The Chancel has, in the S. wall, a restored mediaeval doorway with a chamfered two-centred head and continuous jambs. To the W. is a window of one light with a chamfered two-centred head and trefoil cusping, perhaps old but restored. In the Nave the N. wall has a reset 16th-century window of two segmental-headed lights in a square-headed casement-moulded surround; a similar window is reset in the S. wall. The mediaeval S. doorway has a two-centred ovolo-moulded head with recut chamfered jambs and broach stops. At the centre of the gabled W. wall is a restored square-headed window, perhaps originally of the 15th century, with two hollow-chamfered lights with four-centred heads below blind spandrels. The South Porch has an archway with a chamfered two-centred head, probably of the 16th century.

Fittings—Bells: two, in bell-cote over W. gable; 1st perhaps 13th century with narrow pear-shaped form; 2nd probably 15th century with Lombardic inscription, AVE GRACIA GABBRALA AVE. Communion Table: In chancel, with stone slab (6 ft. by 2½ ft. by 5½ ins.), perhaps originally from a table-tomb, roll-moulded and hollow-chamfered on N., W. and S. edges, E. edge hidden; slab rests on reset Purbeck marble table-tomb, 1¾ ft. high, with moulded and chamfered corners, decorated on exposed faces with retooled, cusped and sub-cusped hollow-chamfered tracery forming square quatrefoil panels alternating with narrow cinquefoil-headed panels, each quatrefoil with blank shield at centre; below, moulded plinth with square quatrefoil panels. Stone slab, probably 14th century, discovered in church during restorations; table-tomb, 15th century, brought from Canford Magna (Dorset Procs., XLVI, 25). Font: Octagonal stone bowl with vertical sides and hollow-chamfered under-edge, vertical faces with quatrefoil panels enclosing flowers, hollow-chamfered under-edge with coarse foliate carving, octagonal panelled stone pedestal and chamfered base; 15th century. Glass: In S. window of chancel, roundel depicting Crucifixion (8½ ins. diam.), early 16th century, Flemish; in nave, reset in S. window, two panels representing St. James and St. John, mid 19th century.

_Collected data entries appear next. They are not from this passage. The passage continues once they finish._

Lemma measurable_two_point_kernel phi psi e A :
  measurable_fun setT phi -> measurable_fun setT psi -> measurable A ->
  measurable_fun setT (fun x => two_point_kernel phi psi e x A).
Proof.
move=> mphi mpsi mA.
have mindic (g : T -> T) : measurable_fun setT g -> measurable_fun setT (fun x => \1_A (g x) : R).
  move=> mg; have mgA : measurable (g @^-1` A) by rewrite -[_ @^-1` _]setTI; exact: mg.
  rewrite (_ : (fun x => _) = \1_(g @^-1` A)); first exact: measurable_indic.
  by apply/funext => x; rewrite !indicE.
by apply: measurable_funD; [exact: mindic | apply: measurable_funM; [|exact: mindic]].
Qed.

Lemma sint_two_point_kernel phi psi e x (f : T -> R) : (e = 1 \/ e = -1) ->
  measurable_fun setT f -> sint (two_point_kernel phi psi e x) f = f (phi x) + e * f (psi x).
Proof.
move=> [->|->] mf; rewrite ?mul1r ?mulN1r.
  by apply: (sint_dirac_add measurable_set1) => // B mB; rewrite /two_point_kernel mul1r.
have [E|ne] := pselect (phi x = psi x).
  by rewrite sint_eq0 ?E ?subrr // => B mB; rewrite /two_point_kernel E mulN1r subrr.
by apply: (sint_dirac_sub measurable_set1) => // B mB; rewrite /two_point_kernel mulN1r.
Qed.

Lemma tvar_two_point_kernel_le phi psi e x : (e = 1 \/ e = -1) ->
  (tvar (two_point_kernel phi psi e x) setT <= 2%:E)%E.
Proof.
rewrite /tvar /two_point_kernel => -[->|->].
  have h B : measurable B -> \1_B (phi x) + 1 * \1_B (psi x) = \1_B (phi x) + \1_B (psi x) :> R.
    by rewrite mul1r.
  by rewrite (jpos_dirac_add measurable_set1 h) (jneg_dirac_add h) adde0 lee_fin !indic_in.
have [E|ne] := pselect (phi x = psi x).
  have h0 B : measurable B -> \1_B (phi x) + -1 * \1_B (psi x) = 0 :> R.
    by rewrite E mulN1r subrr.
  by have [-> ->] := jordan_eq0 h0; rewrite adde0 lee_fin.
have h B : measurable B -> \1_B (phi x) + -1 * \1_B (psi x) = \1_B (phi x) - \1_B (psi x) :> R.
  by rewrite mulN1r.
by rewrite (jpos_dirac_sub measurable_set1 ne h) (jneg_dirac_sub measurable_set1 ne h) -EFinD lee_fin !indic_in.
Qed.

Lemma is_bounded_two_point_kernel phi psi e :
  measurable_fun setT phi -> measurable_fun setT psi -> (e = 1 \/ e = -1) ->
  is_bounded_kernel (two_point_kernel phi psi e).
Proof.
move=> mphi mpsi he; split; last by exists 2 => x; exact: tvar_two_point_kernel_le.
split => [x|A mA]; first exact: is_fsmeasure_point_masses.
exact: measurable_two_point_kernel.
Qed.

Lemma op_apply_dirac t x A : measurable_fun setT (fun y => t y A) ->
  op_apply t (\d_x) A = t x A.
Proof. by move=> mt; rewrite /op_apply integral_dirac_fin. Qed.

Lemma op_le_dirac t1 t2 x A : op_le t1 t2 -> measurable A ->
  measurable_fun setT (fun y => t1 y A) -> measurable_fun setT (fun y => t2 y A) ->
  t1 x A <= t2 x A.
Proof.
move=> t12 mA m1 m2; rewrite -(op_apply_dirac x m1) -(op_apply_dirac x m2).
by apply: t12 => //; exact: ltry.
Qed.

Lemma op_le_pointwise t1 t2 :
  (forall A, measurable A -> measurable_fun setT (fun y => t1 y A)) ->
  (forall A, measurable A -> measurable_fun setT (fun y => t2 y A)) ->
  (exists c, forall x A, `|t1 x A| <= c) -> (exists c, forall x A, `|t2 x A| <= c) ->
  (forall x A, measurable A -> t1 x A <= t2 x A) -> op_le t1 t2.
Proof.
move=> m1 m2 [c1 b1] [c2 b2] t12 mu fmu A mA; rewrite /op_apply.
have bdd_int t c : measurable_fun setT (fun y => t y A) -> (forall x A, `|t x A| <= c) ->
    mu.-integrable setT (EFin \o (fun y => t y A)).
  move=> mt bt; apply: measurable_bounded_integrable => //.
  exists c; split; first exact: num_real.
  by move=> M cM x _ /=; rewrite (le_trans (bt x A)) // ltW.
have i1 := bdd_int _ _ (m1 _ mA) b1; have i2 := bdd_int _ _ (m2 _ mA) b2.
apply: fine_le; try exact: integrable_fin_num.
by apply: le_integral => // x _; rewrite lee_fin; exact: t12.
Qed.

Lemma op_le_two_point_kernel phi psi e phi' psi' e' :
  measurable_fun setT phi -> measurable_fun setT psi ->
  measurable_fun setT phi' -> measurable_fun setT psi' ->
  (forall x A, two_point_kernel phi psi e x A <= two_point_kernel phi' psi' e' x A) ->
  op_le (two_point_kernel phi psi e) (two_point_kernel phi' psi' e').
Proof.
move=> mphi mpsi mphi' mpsi' le_pt; apply: op_le_pointwise => [A mA|A mA| | |x A _].
- exact: measurable_two_point_kernel.
- exact: measurable_two_point_kernel.
- by exists (1 + `|e|) => x A; exact: normr_two_point_kernel_le.
- by exists (1 + `|e'|) => x A; exact: normr_two_point_kernel_le.
- exact: le_pt.
Qed.

End TwoPointKernels.

Section Omega.
Variable R : realType.
Local Notation O := (Om R).
Local Notation T := (OmB R).
Local Notation tpk := (@two_point_kernel _ T R).

Definition omval (x : O) : R := @set_val R (Om0 R) x.

Lemma omval_inj : injective omval.
Proof. by move=> x y; apply: val_inj. Qed.

Lemma omval_continuous : continuous omval.
Proof. exact: (@initial_continuous _ R (@set_val R (Om0 R))). Qed.

Lemma measurable_open (U : set T) : @open O U -> measurable U.
Proof. by move=> oU; apply: sub_sigma_algebra. Qed.

Lemma measurable_set1_Om (a : T) : measurable [set a].
Proof.
rewrite -[X in measurable X]setCK; apply: measurableC; apply: measurable_open.
have -> : ~` [set a] = omval @^-1` (~` [set omval a]).
  by apply/seteqP; split => x /= xa; [move/omval_inj | move=> ex; apply: xa; rewrite ex].
exists (~` [set omval a]) => //; apply: closed_openC.
exact: (accessible_closed_set1 (hausdorff_accessible (@Rhausdorff R))).
Qed.

Lemma measurable_fun_continuous (f : O -> R) :
  continuous f -> measurable_fun (setT : set T) f.
Proof.
move=> /continuousP cf.
apply: (measurability _ (measurable_realfun.RGenOpens.measurableE R)).
move=> _ [_ [a [b ->] <-]]; rewrite setTI; apply: measurable_open.
exact/cf/interval_open.
Qed.

Lemma measurable_fun_continuous_map (f : O -> O) :
  continuous f -> measurable_fun (setT : set T) (f : T -> T).
Proof.
move=> /continuousP cf.
apply: (@measurability _ _ T T setT (f : T -> T) (@open O) erefl).
by move=> _ [U oU <-]; rewrite setTI; apply: measurable_open; exact: cf.
Qed.

Lemma continuous_lift (f : O -> O) (g : R -> R) :
  continuous g -> (forall x, omval (f x) = g (omval x)) -> continuous f.
Proof.
move=> cg fg; apply: (@continuous_comp_initial _ O R (@set_val R (Om0 R))).
have -> : @set_val R (Om0 R) \o f = g \o omval by apply: funext => x /=; exact: fg.
by move=> x; apply: continuous_comp; [exact: omval_continuous | exact: cg].
Qed.

Lemma Om0N x : Om0 R x -> Om0 R (- x).
Proof.
case=> [->|[n [->|->]]]; first by left; rewrite oppr0.
- by right; exists n; right.
- by right; exists n; left; rewrite opprK.
Qed.

Lemma Om0_norm x : Om0 R x -> Om0 R `|x|.
Proof. by move=> h; case: (ger0P x) => _; [|apply: Om0N]. Qed.

Definition mkOm (x : R) (h : Om0 R x) : O := @exist R (fun x => x \in Om0 R) x (mem_set h).

Lemma omval_mkOm x (h : Om0 R x) : omval (mkOm h) = x. Proof. by []. Qed.

Definition oppOm (x : O) : O := mkOm (Om0N (set_valP x)).
Definition normOm (x : O) : O := mkOm (Om0_norm (set_valP x)).
Definition nnormOm (x : O) : O := mkOm (Om0N (Om0_norm (set_valP x))).

Lemma oppOm_continuous : continuous oppOm.
Proof. by apply: (@continuous_lift _ (fun x => - x)) => //; exact: opp_continuous. Qed.

Lemma normOm_continuous : continuous normOm.
Proof. by apply: (@continuous_lift _ (fun x => `|x|)) => //; exact: norm_continuous. Qed.

Lemma nnormOm_continuous : continuous nnormOm.
Proof.
apply: (@continuous_lift _ (fun x => - `|x|)) => // x.
by apply: continuous_comp; [exact: norm_continuous | exact: opp_continuous].
Qed.

Lemma idOm_continuous : continuous (@id O).
Proof. by move=> x. Qed.

#[local] Hint Resolve idOm_continuous oppOm_continuous normOm_continuous
  nnormOm_continuous : core.

Lemma sigma_cont_two_point_kernel (phi psi : O -> O) (e : R) :
  continuous phi -> continuous psi -> (e = 1 \/ e = -1) ->
  sigma_cont (tpk phi psi e).
Proof.
move=> cphi cpsi he; split.
  apply: (is_bounded_two_point_kernel measurable_set1_Om) => //;
  exact: measurable_fun_continuous_map.
move=> f [cf [M hM]].
have -> : adjoint (tpk phi psi e) f = fun x => f (phi x) + e * f (psi x).
  apply/funext => x; rewrite /adjoint (sint_two_point_kernel measurable_set1_Om) //.
  exact: measurable_fun_continuous.
split.
  have fphi : continuous (f \o phi) := fun x => continuous_comp (cphi x) (cf _).
  have fpsi : continuous (f \o psi) := fun x => continuous_comp (cpsi x) (cf _).
  move=> x; apply: cvgD; [exact: nbhs_filter | exact: fphi |].
  by apply: cvgM; [exact: nbhs_filter | exact: (@cst_continuous O R e x) | exact: fpsi].
exists (M + M) => x; rewrite (le_trans (ler_normD _ _)) // lerD // normrM.
by case: he => ->; rewrite ?normrN normr1 mul1r.
Qed.


Lemma Om0_pos n : Om0 R (n.+1%:R)^-1. Proof. by right; exists n; left. Qed.
Lemma Om0_neg n : Om0 R (- (n.+1%:R)^-1). Proof. by right; exists n; right. Qed.

Definition pos_pt n : O := mkOm (Om0_pos n).
Definition neg_pt n : O := mkOm (Om0_neg n).

Lemma pos_pt_neq_neg_pt n : pos_pt n <> neg_pt n.
Proof.
move/(congr1 omval); rewrite !omval_mkOm => /eqP; rewrite -subr_eq0 opprK -mulr2n mulrn_eq0 /=.
by rewrite invr_eq0 pnatr_eq0.
Qed.

Lemma nnormOm_pos_pt n : nnormOm (pos_pt n) = neg_pt n.
Proof. by apply: omval_inj; rewrite !omval_mkOm gtr0_norm // invr_gt0. Qed.

Lemma nnormOm_neg_pt n : nnormOm (neg_pt n) = neg_pt n.
Proof. by apply: omval_inj; rewrite !omval_mkOm normrN gtr0_norm // invr_gt0. Qed.

Lemma normOm_neg_pt n : normOm (neg_pt n) = pos_pt n.
Proof. by apply: omval_inj; rewrite !omval_mkOm normrN gtr0_norm // invr_gt0. Qed.

Lemma oppOm_neg_pt n : oppOm (neg_pt n) = pos_pt n.
Proof. by apply: omval_inj; rewrite !omval_mkOm opprK. Qed.

Lemma cvg_omval (u : nat -> O) y : (omval \o u) @ \oo --> omval y -> u @ \oo --> y.
Proof.
move=> uy U; rewrite nbhsE => -[V [[W oW WV] Vy] VU].
have Wy : nbhs (omval y) W by apply: open_nbhs_nbhs; split => //; rewrite -WV in Vy.
by case: (uy W Wy) => N _ HN; exists N => // n Nn; apply: VU; rewrite -WV; exact: HN.
Qed.

Lemma pos_pt_cvg : pos_pt @ \oo --> om0 R.
Proof. exact/cvg_omval/cvg_harmonic. Qed.

Lemma neg_pt_cvg : neg_pt @ \oo --> om0 R.
Proof.
apply: cvg_omval; rewrite [X in _ --> X](_ : _ = - 0); last by rewrite oppr0.
exact: cvgN cvg_harmonic.
Qed.

Lemma continuous_pos_neg_pt (g : O -> R) c c' : continuous g ->
  (forall n, g (pos_pt n) = c) -> (forall n, g (neg_pt n) = c') -> c = c'.
Proof.
move=> cg gpos gneg.
have lim_at0 (u : nat -> O) a : u @ \oo --> om0 R -> (forall n, g (u n) = a) ->
    a = g (om0 R).
  move=> cu gu; have gu0 := continuous_cvg _ (cg _) cu.
  rewrite (_ : g \o u = cst a) in gu0; last by apply/funext => n /=.
  by rewrite -(cvg_lim (@Rhausdorff R) (gu0 _)) lim_cst.
by rewrite (lim_at0 _ _ pos_pt_cvg gpos) (lim_at0 _ _ neg_pt_cvg gneg).
Qed.

Lemma Cb_one : Cb (fun _ : O => 1 : R).
Proof. by split; [exact: cst_continuous | exists 1 => x; rewrite normr1]. Qed.

Lemma adjoint_one_not_Cb (nu : T -> set T -> R) :
  (forall n B, measurable B ->
     nu (pos_pt n) B = \1_B (pos_pt n : T) + \1_B (neg_pt n : T)) ->
  (forall n B, measurable B -> nu (neg_pt n) B = 0) ->
  ~ Cb (adjoint nu (fun _ => 1)).
Proof.
move=> nu_pos nu_neg [cadj _].
suff : (1 + 1 : R) = 0 by lra.
apply: (continuous_pos_neg_pt cadj) => n; rewrite /adjoint.
  by apply: (sint_dirac_add measurable_set1_Om (nu_pos n)); exact: measurable_cst.
exact: sint_eq0 (nu_neg n).
Qed.


Definition jump_kernel : T -> set T -> R := tpk id nnormOm (-1).
Definition upper_kernel1 : T -> set T -> R := tpk id nnormOm 1.
Definition upper_kernel2 : T -> set T -> R := tpk normOm oppOm 1.

Lemma measurable_tpk_Om (phi psi : O -> O) e A : continuous phi -> continuous psi ->
  measurable A -> measurable_fun setT (fun x => tpk phi psi e x A).
Proof.
by move=> cphi cpsi; apply: measurable_two_point_kernel;
  exact: measurable_fun_continuous_map.
Qed.

Lemma op_le_tpk_Om (phi psi : O -> O) e (phi' psi' : O -> O) e' :
  continuous phi -> continuous psi -> continuous phi' -> continuous psi' ->
  (forall x A, tpk phi psi e x A <= tpk phi' psi' e' x A) ->
  op_le (tpk phi psi e) (tpk phi' psi' e').
Proof.
by move=> *; apply: op_le_two_point_kernel => //; exact: measurable_fun_continuous_map.
Qed.

Lemma jump_le_upper1 : op_le jump_kernel upper_kernel1.
Proof.
apply: op_le_tpk_Om => // x A.
by rewrite /two_point_kernel lerD2l; have := indic_ge0 (R := R) A (nnormOm x : T); lra.
Qed.

Lemma opp_jump_le_upper1 : op_le (opp_kernel jump_kernel) upper_kernel1.
Proof.
rewrite /jump_kernel opp_two_point_kernel.
apply: op_le_tpk_Om => // x A.
by rewrite /two_point_kernel; have := indic_ge0 (R := R) A (x : T); lra.
Qed.

Lemma nnormOm_ge0 (x : O) : 0 <= omval x -> nnormOm x = oppOm x.
Proof. by move=> x0; apply: omval_inj; rewrite !omval_mkOm ger0_norm. Qed.

Lemma normOm_ge0 (x : O) : 0 <= omval x -> normOm x = x.
Proof. by move=> x0; apply: omval_inj; rewrite omval_mkOm ger0_norm. Qed.

Lemma nnormOm_lt0 (x : O) : omval x < 0 -> nnormOm x = x.
Proof. by move=> x0; apply: omval_inj; rewrite omval_mkOm ltr0_norm // opprK. Qed.

Lemma jump_le_upper2 : op_le jump_kernel upper_kernel2.
Proof.
apply: op_le_tpk_Om => // x A.
rewrite /two_point_kernel; have [x0|x0] := leP 0 (omval x).
  rewrite nnormOm_ge0 // normOm_ge0 //; have := indic_ge0 (R := R) A (oppOm x : T); lra.
rewrite nnormOm_lt0 //; have := indic_ge0 (R := R) A (normOm x : T).
have := indic_ge0 (R := R) A (oppOm x : T); lra.
Qed.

Monuments: In nave, in S. wall, reset in 19th-century cinquefoil-headed recess, (1) recumbent effigy (said to be of Sir Ingelramus de Walys) in mail armour (Plate 14), with plain heater-shaped shield hanging from left shoulder, legs crossed and right hand resting on pommel of sword, spurred feet on couched lion; Ham Hill stone, second half of 13th century. On S. wall, W. of S. doorway, marble tablets: (2) of Rev. John Yeatman, 1819; (3) of Emma Yeatman, 1842; (4) of Rev. Harry Yeatman, 1796; (5) of members of Lewys family, 1749, tablet with arms; (6) of Theophila Burland, 1802, tablet with arms, by T. King, Bath; (7) of John Farr, 1773, and his wife Mary, 1783; (8) of James, 1811, and Bridget Wolcott, 1835; (9) of Louisa Moilliet, 1844, white marble monument by Osmond of Sarum. In vestry, (10) of Anna [(Freeke) Stevens, 17]20, painted wooden panel with mitred surround, painted scroll-work and shield-of-arms, now indecipherable. Externally, on N. wall of chancel, (11) of Richard Stevens, rector, 1728, stone cartouche with scrolled surround. Painting: In vestry, oak panel 4 ft. high by 1½ ft. wide representing apostle, perhaps St. John, probably part of rood-screen, early 16th century. Piscina: In chancel, in E. wall, with chamfered two-centred head and corbelled bowl, perhaps mediaeval. Plate: includes silver cup with hallmark of 1732, maker's initials I.W. and inscription 'Deo et Ecclesiae de Stock Gaylard', and matching silver flagon with hallmark of 1750 and similar maker's mark, inscribed 'The gift of Mrs. Braithwaite'; also silver alms-dish with hallmark of 1791, maker's initials R.S., dedicatory inscription of Berkeley Burland and arms of Burland impaling Lewys; also pewter alms-dish, perhaps mid 18th century. Miscellanea: Refixed on modern S. door, oak box lock, perhaps early 17th century.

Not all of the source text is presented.